Sulle pareti, nere come il carbone, sono infine trascritti gli spartiti e i testi originali di Fabrizio De Andrè.
In qualche caso si tratta di bozze, di semplici tracce di lavoro, di spunti iniziali.
O anche di correzioni, di ripensamenti e di riscritture continue, come nel caso de La domenica delle salme, una delle sue composizioni più apocalittiche e anche più sofferte (per la quale girò il suo unico videoclip, se di videoclip si può parlare, firmato da Gabriele Salvatores), o di Via della povertà, che tradusse in collaborazione con De Gregori dalla mitica Desolation row di Bob Dylan (in alcuni appunti compare persino il titolo provvisorio Via della dittatura) o infine di Smisurata preghiera, una geniale combinazione di parole e di frasi prese in prestito dalla saga di Maqroll il Gabbiere, ovvero da un trittico di romanzi dello scrittore colombiano Alvaro Mutis, che De Andrè ebbe la fortuna di conoscere negli anni Novanta (ne esiste una versione in spagnolo che fu inserita nella colonna sonora del film Ilona viene con la pioggia).

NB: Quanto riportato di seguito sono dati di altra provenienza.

Lemma expU_layer_cake q U :
  expU n p q U = \sum_(1 <= k < n.+1) gap U k * Pcollect_le n p q k.
Proof.
rewrite /Pcollect_le /expU.
under [RHS]eq_bigr => k _ do rewrite mulrCA.
rewrite -big_distrr /=; congr (_ * _).
under [in RHS]eq_bigr => k _ do rewrite big_distrr /=.
rewrite [RHS]exchange_big /=; apply: eq_bigr => s _.
under [in RHS]eq_bigr => k _ do rewrite big_distrr /=.
rewrite [RHS]exchange_big /=; apply: eq_bigr => t _.
rewrite (@utility_layer_cake U (val (s t)).+1) ?ltn_ord //.
by rewrite big_distrl /=; apply: eq_bigr => k _; rewrite -mulrA.
Qed.

Lemma expOPT_layer_cake U :
  expOPT n p U = \sum_(1 <= k < n.+1) gap U k * expOPT n p (threshold k).
Proof.
rewrite /expOPT; under [in RHS]eq_bigr => k _ do rewrite big_distrr /=.
rewrite exchange_big /=; apply: eq_big_nat => i ii.
rewrite (utility_layer_cake U ii) !big_distrl /=; apply: eq_bigr => k _.
by rewrite !mulrA.
Qed.

Lemma sum_geometric_accept k :
  \sum_(1 <= i < k.+1) p * (1 - p) ^+ (i - 1) = 1 - (1 - p) ^+ k.
Proof.
elim: k => [|k IH]; first by rewrite big_geq // expr0 subrr.
by rewrite big_nat_recr //= IH subSS subn0 exprS; lra.
Qed.

Lemma expOPT_threshold k : (k <= n)%N ->
  expOPT n p (threshold k) = 1 - (1 - p) ^+ k.
Proof.
move=> kn; rewrite /expOPT -sum_geometric_accept (@big_cat_nat _ _ _ k.+1) //=.
rewrite [X in _ + X]big1_seq ?addr0; last first.
  move=> i /andP[_]; rewrite mem_index_iota => /andP[ki _].
  by rewrite /threshold leqNgt ki !mul0r.
by apply: eq_big_nat => i /andP[_ ik]; rewrite /threshold -ltnS ik mul1r.
Qed.

Lemma accept_prob_gt0 k : (1 <= k)%N -> 0 < 1 - (1 - p) ^+ k.
Proof. by case/andP: p_range => p0 p1 k1; rewrite subr_gt0 expr_lt1 //; lra. Qed.

Lemma gap_ge0 U k : admissible_utility n U -> (1 <= k <= n)%N -> 0 <= gap U k.
Proof.
case=> _ [Umono Un] /andP[k1 kn]; rewrite /gap /truncated kn.
have [kltn|] := ltnP k n; first by rewrite subr_ge0 Umono // k1.
move=> nk; have -> : k = n by apply/eqP; rewrite eqn_leq kn nk.
by rewrite subr0.
Qed.

Lemma admissible_utility_antimono (U : nat -> R) i j : admissible_utility n U ->
  (1 <= i)%N -> (i <= j <= n)%N -> U j <= U i.
Proof.
case=> _ [Umono _] i1; elim: j => [|j IH]; first by case: i i1.
case/andP; rewrite leq_eqVlt => /orP[/eqP->//|]; rewrite ltnS => ij jn.
apply: le_trans (IH _); first by apply: Umono; rewrite jn (leq_trans i1 ij).
by rewrite ij ltnW.
Qed.

Lemma expOPT_gt0 (U : nat -> R) : admissible_utility n U -> nonzero_utility n U ->
  0 < expOPT n p U.
Proof.
move=> adm [i [/andP[i1 iN] Ui_neq0]]; have [p0 p1] := andP p_range.
have Uge0 j : (1 <= j <= n)%N -> 0 <= U j by case: adm => + _; apply.
have U1_gt0 : 0 < U 1%N.
  have Ui_gt0 : 0 < U i by rewrite lt_def Uge0 ?i1 ?iN // andbT; apply/eqP.
  by apply: lt_le_trans Ui_gt0 (admissible_utility_antimono adm _ _); rewrite ?i1.
rewrite /expOPT big_ltn ?ltnS ?(leq_trans i1 iN) //=.
apply: ltr_pwDl; first by rewrite subnn expr0 mulr1 mulr_gt0.
rewrite big_seq; apply: sumr_ge0 => j; rewrite mem_index_iota ltnS => /andP[j1 jn].
rewrite !mulr_ge0 ?exprn_ge0 ?Uge0 ?jn ?(ltnW j1) //; lra.
Qed.

Lemma threshold_admissible k : admissible_utility n (threshold k).
Proof.
rewrite /threshold; split; first by move=> i _; case: ifP.
split; last by case: ifP.
by move=> i _; case: ifP => [/ltnW -> // | _]; case: ifP.
Qed.

Lemma threshold_nonzero k : (1 <= k <= n)%N -> nonzero_utility n (threshold k).
Proof.
case/andP=> k1 kn; exists 1%N; split; first by rewrite (leq_trans k1 kn).
by rewrite /threshold k1; apply/eqP; rewrite oner_eq0.
Qed.

Definition ratio_at (q : policy R) k := Pcollect_le n p q k / (1 - (1 - p) ^+ k).

Lemma robust_ratioE q : (1 <= n)%N -> robust_ratio n p q = min_upto (ratio_at q) n.
Proof. exact: inf_range_min_upto. Qed.

Lemma robust_ratio_le q k : (1 <= k <= n)%N -> robust_ratio n p q <= ratio_at q k.
Proof.
move=> kn; have [k1 /(leq_trans k1) n1] := andP kn.
by rewrite robust_ratioE //; apply: min_upto_le.
Qed.

Lemma robust_expU_ge q g U : is_robust n p g q -> admissible_utility n U ->
  g * expOPT n p U <= expU n p q U.
Proof.
move=> rob adm; rewrite expOPT_layer_cake expU_layer_cake mulr_sumr.
apply: ler_sum_nat => k kn; have [k1 k_le_n] := andP kn.
rewrite expOPT_threshold // mulrCA; apply: ler_wpM2l; first exact: gap_ge0.
rewrite -ler_pdivlMr ?accept_prob_gt0 //.
exact: le_trans rob (robust_ratio_le q kn).
Qed.

Lemma worst_ratio_eq_robust_ratio q : (1 <= n)%N ->
  exists2 k, (1 <= k <= n)%N &
    worst_ratio n p q = robust_ratio n p q /\ robust_ratio n p q = ratio_at q k.
Proof.
move=> n1; have [k kn mink] := min_upto_attained (ratio_at q) n1.
have robk : robust_ratio n p q = ratio_at q k by rewrite robust_ratioE.
exists k => //; split => //; rewrite robk.
apply: inf_attained.
  exists (threshold k); last by rewrite expOPT_threshold //; case/andP: kn.
  by split; [apply: threshold_admissible | apply: threshold_nonzero].
move=> _ [U [adm nz] <-]; rewrite -robk ler_pdivlMr ?expOPT_gt0 //.
exact: robust_expU_ge (lexx _) adm.
Qed.

End LayerCake.

Fixpoint seqs_upto (T : Type) (s : seq T) (m : nat) : seq (seq T) :=
  if m is m'.+1 then [::] :: [seq x :: t | x <- s, t <- seqs_upto s m']
  else [:: [::]].

Lemma mem_seqs_upto (T : eqType) (s : seq T) m t :
  (size t <= m)%N -> {subset t <= s} -> t \in seqs_upto s m.
Proof.
elim: m t => [|m IH] [|x t] //= tm ts; rewrite in_cons; apply/orP; right.
apply: (allpairs_f (fun x t => x :: t)); first by apply: ts; rewrite mem_head.
by apply: IH => // y yt; apply: ts; rewrite in_cons yt orbT.
Qed.

Section OptimalPolicy.
Variables (R : realType) (n : nat) (p : R).

(* A policy is only ever queried on partial-rank sequences of length at most
   [n] with entries at most [n] and on decision histories of length at most [n]. *)
Definition policy_domain : seq (seq nat * seq bool) :=
  [seq (r, d) | r <- seqs_upto (iota 0 n.+1) n, d <- seqs_upto [:: true; false] n].

Lemma prank_le rs u : (prank rs u <= u.+1)%N.
Proof.
apply: leq_trans (count_size _ _) _; rewrite size_take.
by case: ifP => // /negbT; rewrite -leqNgt.
Qed.

Lemma pranks_in_domain rs u d : (u < n)%N -> (size d <= n)%N ->
  (pranks rs u, d) \in policy_domain.
Proof.
move=> un dn; apply: (allpairs_f (fun r d => (r, d))); last first.
  by apply: mem_seqs_upto => // -[].
apply: mem_seqs_upto => [|x /mapP[v]]; first by rewrite size_map size_iota.
rewrite mem_iota add0n ltnS => /andP[_ vu] ->.
by rewrite mem_iota add0n ltnS (leq_trans (prank_le _ _)) // (leq_ltn_trans vu).
Qed.

Definition agree_on_domain (q1 q2 : policy R) :=
  forall r d, (r, d) \in policy_domain -> q1 r d = q2 r d.

Lemma collect_at_agree q1 q2 rs t : agree_on_domain q1 q2 -> (t < n)%N ->
  collect_at q1 p rs t = collect_at q2 p rs t.
Proof.
move=> ag tn; rewrite /collect_at; apply: eq_bigr => d _.
have dn : (size d <= n)%N by rewrite size_tuple ltnW.
rewrite ag ?pranks_in_domain //; congr (_ * _ * _); apply: eq_bigr => u _.
have ut : (u < t)%N by rewrite -{2}(size_tuple d).
rewrite ag ?pranks_in_domain ?(ltn_trans ut tn) // size_take_min.
exact: leq_trans (geq_minr _ _) dn.
Qed.

Lemma expU_agree q1 q2 U : agree_on_domain q1 q2 -> expU n p q1 U = expU n p q2 U.
Proof.
move=> ag; congr (_ * _); apply: eq_bigr => s _; apply: eq_bigr => t _.
by rewrite (collect_at_agree _ ag).
Qed.

Local Notation N := (size policy_domain).

Definition policy_of_vec (x : 'rV[R]_N) : policy R := fun r d =>
  if (insub (index (r, d) policy_domain) : option 'I_N) is Some i then x ord0 i else 0.

Definition vec_of_policy (q : policy R) : 'rV[R]_N :=
  \row_(i < N) let: (r, d) := nth ([::], [::]) policy_domain i in q r d.

Lemma policy_of_vecK q : agree_on_domain (policy_of_vec (vec_of_policy q)) q.
Proof.
move=> r d rd; rewrite /policy_of_vec insubT ?index_mem // => i.
by rewrite mxE /= nth_index.
Qed.

Lemma policy_of_vec_policy (x : 'rV[R]_N) :
  (forall i, 0 <= x ord0 i <= 1) -> is_policy (policy_of_vec x).
Proof. by move=> x01 r d; rewrite /policy_of_vec; case: insub; rewrite ?lexx ?ler01. Qed.

Lemma vec_of_policy_unit q : is_policy q -> forall i, 0 <= vec_of_policy q ord0 i <= 1.
Proof. by move=> qP i; rewrite mxE; case: nth. Qed.

Lemma continuous_policy_of_vec r d : continuous (fun x => policy_of_vec x r d).
Proof.
rewrite /policy_of_vec; case: insub => [i|]; last exact: cst_continuous.
exact: coord_continuous.
Qed.

Lemma continuous_expU U : continuous (fun x => expU n p (policy_of_vec x) U).
Proof.
apply: continuous_mul_fun; first exact: cst_continuous.
apply: continuous_sumr => s; apply: continuous_sumr => t.
apply: continuous_mul_fun; first exact: cst_continuous.
apply: continuous_sumr => d; apply: continuous_mul_fun; last exact: cst_continuous.
apply: continuous_mul_fun; last exact: continuous_policy_of_vec.
apply: continuous_prodr => u; case: nth => /=.
  by apply: continuous_mul_fun; [exact: continuous_policy_of_vec | exact: cst_continuous].
move=> x; apply: continuousB; first exact: cst_continuous.
exact: continuous_policy_of_vec.
Qed.

Lemma exists_optimal_policy : (1 <= n)%N -> exists2 qs, is_policy qs &
  forall q, is_policy q -> robust_ratio n p q <= robust_ratio n p qs.
Proof.
move=> n1; pose F x := min_upto (ratio_at n p (policy_of_vec x)) n.
pose box := [set x : 'rV[R]_N | forall i, `[0, 1]%classic (x ord0 i)]%classic.
have cF : continuous F.
  apply: continuous_min_upto => k x.
  rewrite /ratio_at /Pcollect_le; apply: continuous_mul_fun.
    exact: continuous_expU.
  exact: cst_continuous.
have [c /set_mem c01 Fmax] : exists2 c, c \in box & forall y, y \in box -> F y <= F c.
  apply: compact_EVT_max.
  - by exists 0 => i /=; rewrite mxE in_itv /= lexx ler01.
  - exact: (@rV_compact R N (fun=> `[0, 1]%classic) (fun=> @segment_compact R 0 1)).
  - exact: continuous_subspaceT.
have F_robust q : robust_ratio n p q = F (vec_of_policy q).
  rewrite robust_ratioE //; congr min_upto; apply: funext => k.
  by rewrite /ratio_at /Pcollect_le (expU_agree _ (policy_of_vecK q)).
exists (policy_of_vec c).
  by apply: policy_of_vec_policy => i; have := c01 i; rewrite /= in_itv.
move=> q qP; rewrite F_robust robust_ratioE //; apply: Fmax.
by rewrite inE => i /=; rewrite in_itv /= vec_of_policy_unit.
Qed.

End OptimalPolicy.

Theorem proposition1 (R : realType) (n : nat) (p : R) :
  (1 <= n)%N -> 0 < p <= 1 ->
  (forall (q : policy R) (g : R), is_policy q -> is_robust n p g q ->
     forall U : nat -> R, admissible_utility n U ->
       g * expOPT n p U <= expU n p q U) /\
  ((exists q : policy R, is_policy q /\ worst_ratio n p q = gamma_star n p) /\
   (forall q : policy R, is_policy q -> worst_ratio n p q <= gamma_star n p) /\
   (forall q : policy R, is_policy q ->
      exists U : nat -> R, [/\ admissible_utility n U, nonzero_utility n U &
        expU n p q U / expOPT n p U = worst_ratio n p q])).
Proof.
move=> n1 p_range; split=> [q g _ rob U|]; first exact: robust_expU_ge.
have worst_robust q : worst_ratio n p q = robust_ratio n p q.
  by have [k _ []] := worst_ratio_eq_robust_ratio p_range q n1.
have [qs qsP qs_best] := exists_optimal_policy p n1.
have gamma_qs : gamma_star n p = robust_ratio n p qs.
  by apply: sup_attained => [|_ [q qP <-]]; [exists qs | apply: qs_best].
split; first by exists qs; rewrite worst_robust gamma_qs.
split=> [q qP|q _]; first by rewrite worst_robust gamma_qs qs_best.
have [k kn [-> ->]] := worst_ratio_eq_robust_ratio p_range q n1.
exists (threshold R k); split; [exact: threshold_admissible | exact: threshold_nonzero |].
by rewrite /ratio_at expOPT_threshold //; case/andP: kn.
Qed.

In ogni caso, si rimane estasiati e addirittura sconcertati dalla bellezza senza tempo di alcuni versi.
Per citare a caso:
“Hanno preso il nostro cuore/sotto una coperta scura”.
“Qual è la direzione/nessuno me lo imparò”.
“Mille anni al mondo mille ancora/che bell’inganno sei anima mia”.
“Ora alzatevi spose bambine/ ch’è venuto il tempo di andare”.
“Evaporato in una nuvola rossa/in una delle molte feritoie della notte”.